Things get a tad sticky for sportsmen when mortality specificity steps in. “Striped bass and dolphin” are singled out, almost exclusively, as the ravenous root of natural morbidity.
But I’m not going where you might suspect. While it is ongoingly proven that babying one species can lead to others being thrown out with the bath/bass water, I’ve come to accept that a democratic and conscientious choice has been made that we as an angling whole simply prefer bass over weakies. It’s a “People have spoken” thing. An ethical problem arises when we refuse to openly admit our choice.
And what good would it do to accept responsibility for weakfish woes? It might actually aid and abet the heightened – and further heightening of – striped bass conservation by lessening the need to duly consider holistic fishery conservation.
Long live stripers – may we not someday get bored with catching just them.
RUNDOWN: One word covers all catching of late: stripers. If you’re wanting to add another word: big stripers. Boat fishermen have hauled in eye-openers at an amazing catch-and-release clip. It has become a fall-time fishing slam dunk. It’s that certain, to the degree it’s the most powerful gamefishery of the year, acknowledging fluke are competitive, but not nearly to the same battling gamefish degree.
There are also bass as surfside attractions. They’re making their own striper stir, showing in “derby” dimensions, referring to the days when big-ass bass could be kept and weighed into the annual fall surf fishing extravaganza.

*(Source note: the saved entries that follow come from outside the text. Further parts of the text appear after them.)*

Lemma ld_underlying_functor {C : Category} {X : TwoCat} (r : TwoFunData (LD C) X) :
  is_2functor r -> is_functor (ld_underlying r).
Proof. intros (r1 & r2 & _ & _ & r5 & r6 & _); repeat split; assumption. Qed.

Lemma qof_2functor {C : Category} {L : TwoCat} (e : FunData C (U L)) :
  is_functor e -> is_2functor (qof e).
Proof.
  intros (e1 & e2 & e3 & e4); repeat split; simpl; intros.
  - apply e1.
  - apply e2.
  - apply dom2_id2.
  - apply cod2_id2.
  - apply e3.
  - now apply e4.
  - subst. now rewrite <- (cod2_id2 L (fa e b)) at 2; rewrite vcomp_idl.
  - rewrite e4 by assumption. symmetry; apply hcomp_id2.
    simpl in *. now rewrite e2, e1, H.
Qed.

(* 2-cells of a locally discrete 2-category are identities, so a 2-functor
   out of it is determined by its underlying functor. *)
Lemma tfcomp_qof {C : Category} {L X : TwoCat} (e : FunData C (U L))
    (H : TwoFunData L X) (r : TwoFunData (LD C) X) :
  is_2functor H -> is_2functor r -> fcomp (Ufun H) e = ld_underlying r ->
  tfcomp H (qof e) = r.
Proof.
  intros (_ & _ & _ & _ & _ & _ & h7 & _) (_ & _ & _ & _ & _ & _ & r7 & _) E.
  apply two_fun_data_ext; intros; simpl.
  - exact (fo_congr E x).
  - exact (fa_congr E f).
  - pose proof (fa_congr E a) as Ea; simpl in Ea.
    rewrite h7, Ea. symmetry; exact (r7 a).
Qed.

Lemma der_fa_a00 {S : Type} {C : Category} (F : FunData (DerCat S) C) (s : S) :
  is_functor F -> fa F (s, a00) = cid C (fo F (s, false)).
Proof. intros (_ & _ & F3 & _). exact (F3 (s, false)). Qed.

Lemma der_fa_a11 {S : Type} {C : Category} (F : FunData (DerCat S) C) (s : S) :
  is_functor F -> fa F (s, a11) = cid C (fo F (s, true)).
Proof. intros (_ & _ & F3 & _). exact (F3 (s, true)). Qed.

Section FreeTwoCategory.
Variables (d : DerScheme) (L : TwoCat) (e : FunData (dC d) (U L)) (e2 : dS d -> Cell L).
Hypothesis free : is_free d L e e2.

Lemma free_functor : is_functor e.
Proof. apply free. Qed.

Lemma free_gen_dom al : dom2 (e2 al) = fa e (sder d al).
Proof. apply free. Qed.

Lemma free_gen_cod al : cod2 (e2 al) = fa e (tder d al).
Proof. apply free. Qed.

Lemma free_lift (X : TwoCat) (G1 : FunData (dC d) (U X)) (G2 : dS d -> Cell X) :
  is_functor G1 ->
  (forall al, dom2 (G2 al) = fa G1 (sder d al) /\ cod2 (G2 al) = fa G1 (tder d al)) ->
  exists H : TwoFunData L X,
    is_2functor H /\ fcomp (Ufun H) e = G1 /\ forall al, F2 H (e2 al) = G2 al.
Proof.
  intros HG1 HG2. destruct free as (_ & _ & lift).
  destruct (lift X G1 G2 HG1 HG2) as (H & ? & ? & ? & _). now exists H.
Qed.
(* Let $k\ge 0$ and let $G=L_k$, of order $n=4k+6$. Then (a) $\gamma_t(G)=(n+2)/2$. Moreover, if $k\ge1$ and $w\in\{v_1,v_2,v_3\}$ (the three subdivision vertices on the path $a_1v_1v_2v_3c_1$), then (b) $\gamma_t(G-w)=n/2$ and (c) $\gamma_t^a(G;w)=n/2$.
   Context: For a graph $G$ with no isolated vertex, a total dominating set (TD-set) is a set $S\subseteq V(G)$ such that every vertex of $G$ is adjacent to some vertex of $S$; $\gamma_t(G)$ is the minimum cardinality of a TD-set. For a vertex $v$ of $G$, an almost total dominating set (ATD-set) of $G$ with respect to $v$ is a set $S\subseteq V(G)$ with $v\in S$ such that every vertex different from $v$ is adjacent to a vertex of $S$ and $v$ has no neighbor in $S$; $\gamma_t^a(G;v)$ is its minimum cardinality. For $k\ge 1$, $G_k$ is the graph with vertex set $\{a_i,b_i,c_i,d_i:1\le i\le k\}$ whose edges are: the edges of the path $a_1b_1a_2b_2\cdots a_kb_k$, the edges of the path $c_1d_1c_2d_2\cdots c_kd_k$, the edges $a_id_i$ and $b_ic_i$ for every $1\le i\le k$, and the two edges $a_1c_1$ and $b_kd_k$. $F_k$ ($k\ge1$) is obtained from $G_k$ by replacing the edge $a_1c_1$ by a path $a_1v_1v_2v_3c_1$ through three new vertices $v_1,v_2,v_3$. $L_0=C_6$, and for $k\ge1$, $L_k$ is obtained from $F_k$ by replacing the edge $b_kd_k$ by a path $b_ku_1u_2u_3d_k$ through three new vertices $u_1,u_2,u_3$. *)

From mathcomp Require Import all_boot.
Set Implicit Arguments. Unset Strict Implicit. Unset Printing Implicit Defensive.

Section Dom.
Variable T : finType.

Definition is_TD_in (e : rel T) (D S : {set T}) : bool :=
  (S \subset D) && [forall x in D, [exists y in S, e x y]].

(* gamma_t of the induced subgraph on D: minimum size of a TD-set.
   (Default #|T|.+1 if no TD-set exists; never used for graphs without
   isolated vertices.) *)
Definition gamma_t_in (e : rel T) (D : {set T}) : nat :=
  \big[minn/#|T|.+1]_(S : {set T} | is_TD_in e D S) #|S|.

Definition gamma_t (e : rel T) : nat := gamma_t_in e [set: T].

Definition is_ATD (e : rel T) (v : T) (S : {set T}) : bool :=
  [&& v \in S,
      [forall x, (x != v) ==> [exists y in S, e x y]] &
      [forall y in S, ~~ e v y]].

Definition gamma_ta (e : rel T) (v : T) : nat :=
  \big[minn/#|T|.+1]_(S : {set T} | is_ATD e v S) #|S|.
End Dom.

(* Vertices: inl (i, p) with i : 'I_k (0-based index i <-> paper's i+1) and
   p = 0,1,2,3 standing for a_i, b_i, c_i, d_i;
   inr r with r = 0,1,2 standing for v_1,v_2,v_3 and r = 3,4,5 for u_1,u_2,u_3.
   For k = 0 only the six inr vertices exist and they form the cycle C_6. *)
Definition Lvert (k : nat) : finType := ('I_k * 'I_4 + 'I_6)%type.

Definition Larc (k : nat) (x y : Lvert k) : bool :=
  match x, y with
  | inl (i, p), inl (j, q) =>
      [|| [&& p == 0 :> nat, q == 1 :> nat & i == j :> nat]      (* a_i b_i *)
        , [&& p == 1 :> nat, q == 0 :> nat & j == i.+1 :> nat]   (* b_i a_{i+1} *)
        , [&& p == 2 :> nat, q == 3 :> nat & i == j :> nat]      (* c_i d_i *)
        , [&& p == 3 :> nat, q == 2 :> nat & j == i.+1 :> nat]   (* d_i c_{i+1} *)
        , [&& p == 0 :> nat, q == 3 :> nat & i == j :> nat]      (* a_i d_i *)
        | [&& p == 1 :> nat, q == 2 :> nat & i == j :> nat] ]    (* b_i c_i *)
  | inl (i, p), inr r =>
      [|| [&& p == 0 :> nat, i == 0 :> nat & r == 0 :> nat]      (* a_1 v_1 *)
        , [&& p == 2 :> nat, i == 0 :> nat & r == 2 :> nat]      (* c_1 v_3 *)
        , [&& p == 1 :> nat, i == k.-1 :> nat & r == 3 :> nat]   (* b_k u_1 *)
        | [&& p == 3 :> nat, i == k.-1 :> nat & r == 5 :> nat] ] (* d_k u_3 *)
  | inr r, inr s =>
      [|| (r == 0 :> nat) && (s == 1 :> nat)                     (* v_1 v_2 *)
        , (r == 1 :> nat) && (s == 2 :> nat)                     (* v_2 v_3 *)
        , (r == 3 :> nat) && (s == 4 :> nat)                     (* u_1 u_2 *)
        , (r == 4 :> nat) && (s == 5 :> nat)                     (* u_2 u_3 *)
        | (k == 0) && (((r == 2 :> nat) && (s == 3 :> nat))
                       || ((r == 5 :> nat) && (s == 0 :> nat))) ] (* close C_6 *)
  | inr _, inl _ => false
  end.

Definition Ladj (k : nat) : rel (Lvert k) := fun x y => Larc x y || Larc y x.

(* the subdivision vertex v_j (j = 1,2,3 <-> j : 'I_3 = 0,1,2) *)
Definition Lv (k : nat) (j : 'I_3) : Lvert k :=
  inr (widen_ord (isT : 3 <= 6) j).

From mathcomp Require Import all_boot zify.
Set Implicit Arguments. Unset Strict Implicit. Unset Printing Implicit Defensive.

(* L_k (k >= 1) is a ladder of k columns {a_i, b_i, c_i, d_i} closed at the
   left by the path v1 v2 v3 (from a_1 to c_1) and at the right by the path
   u1 u2 u3 (from b_k to d_k); L_0 is the cycle C_6.

   Upper bounds are explicit sets (columns {a,b} or {b,c} plus a few gadget
   vertices), checked by finite case analysis.  Lower bounds only use that a
   set S "dominates" vertices (each has a neighbour in S): a TD-set of L_k
   dominates everything, while a TD-set of L_k - w and an ATD-set with
   respect to w both dominate everything except w.  Counting per column:
   if column i > 0 contains neither b_i nor d_i, then a_i and c_i force both
   b_{i-1} and d_{i-1} into S (and symmetrically for a, c going right).  The
   resulting chain inequality gives about 2k vertices in the ladder, up to
   boundary corrections which are paid for by the gadget vertices: at least 2
   on the right, and 2 (all dominated) or 1 (all but some v_j dominated) on
   the left. *)

Section Domination.
Variable T : finType.
Implicit Types (e : rel T) (D S : {set T}).

Definition dominated e S (x : T) : bool := [exists y in S, e x y].

Lemma TD_in_dominated e D S : is_TD_in e D S -> {in D, forall x, dominated e S x}.
Proof. by case/andP=> _ /forallP dom x; apply/implyP/dom. Qed.

Lemma ATD_dominated e v S : is_ATD e v S -> forall x, x != v -> dominated e S x.
Proof. by case/and3P=> _ /forallP dom _ x; apply/implyP/dom. Qed.

Lemma min_card_eq (P : pred {set T}) S0 m :
  P S0 -> #|S0| = m -> (forall S, P S -> m <= #|S|) ->
  \big[minn/#|T|.+1]_(S | P S) #|S| = m.
Proof.
move=> PS0 <- low; apply/eqP; rewrite eqn_leq; apply/andP; split.
  rewrite unlock; elim: (index_enum _) (mem_index_enum S0) => //= S r IHr.
  rewrite inE => /predU1P [<-|/IHr S0r]; first by rewrite PS0 geq_minl.
  by case: (P S); rewrite // geq_min S0r orbT.
elim/big_ind: _ => [|x y|S /low //]; first exact: leqW (max_card _).
by rewrite leq_min => -> ->.
Qed.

I’ll daringly suggest the 2022 LBI Surf Fishing Classic might have rated among the best ever for mongo striper weigh-ins, even taking in the contest’s entire historic run. I’ll enumerate by guessing a dozen or more fish over 35 pounds would have been entered – with a 50 or two going head-to-head. I base this on the known caught-and-released suds stripers taken to date.
But, Jay, it’s bass blasphemy to even ponder such anti-striper mayhem!
Forgive me, for I have bassedly sinned. But since I’m on a roll, I’ll go whole hog/cow by praying to surfcasting gods that we, as surf fishermen, may someday be exclusively allowed to keep a trophy fish – maybe only between October and December.
Allowing surfcasters to keep a well-regulated single daily fish of at least 40 inches would, firstly, represent little more than a drop in the bass biomass bucket since it would be far less attrition than the post-release mortality associated with all forms of bassing. Secondly, such insightful managerial allowances would breathe life back into the surf fishing tournament realm.
If it sounds like I’m rallying to get mobile fishermen and surfcasters to unite, so be it – and overdue.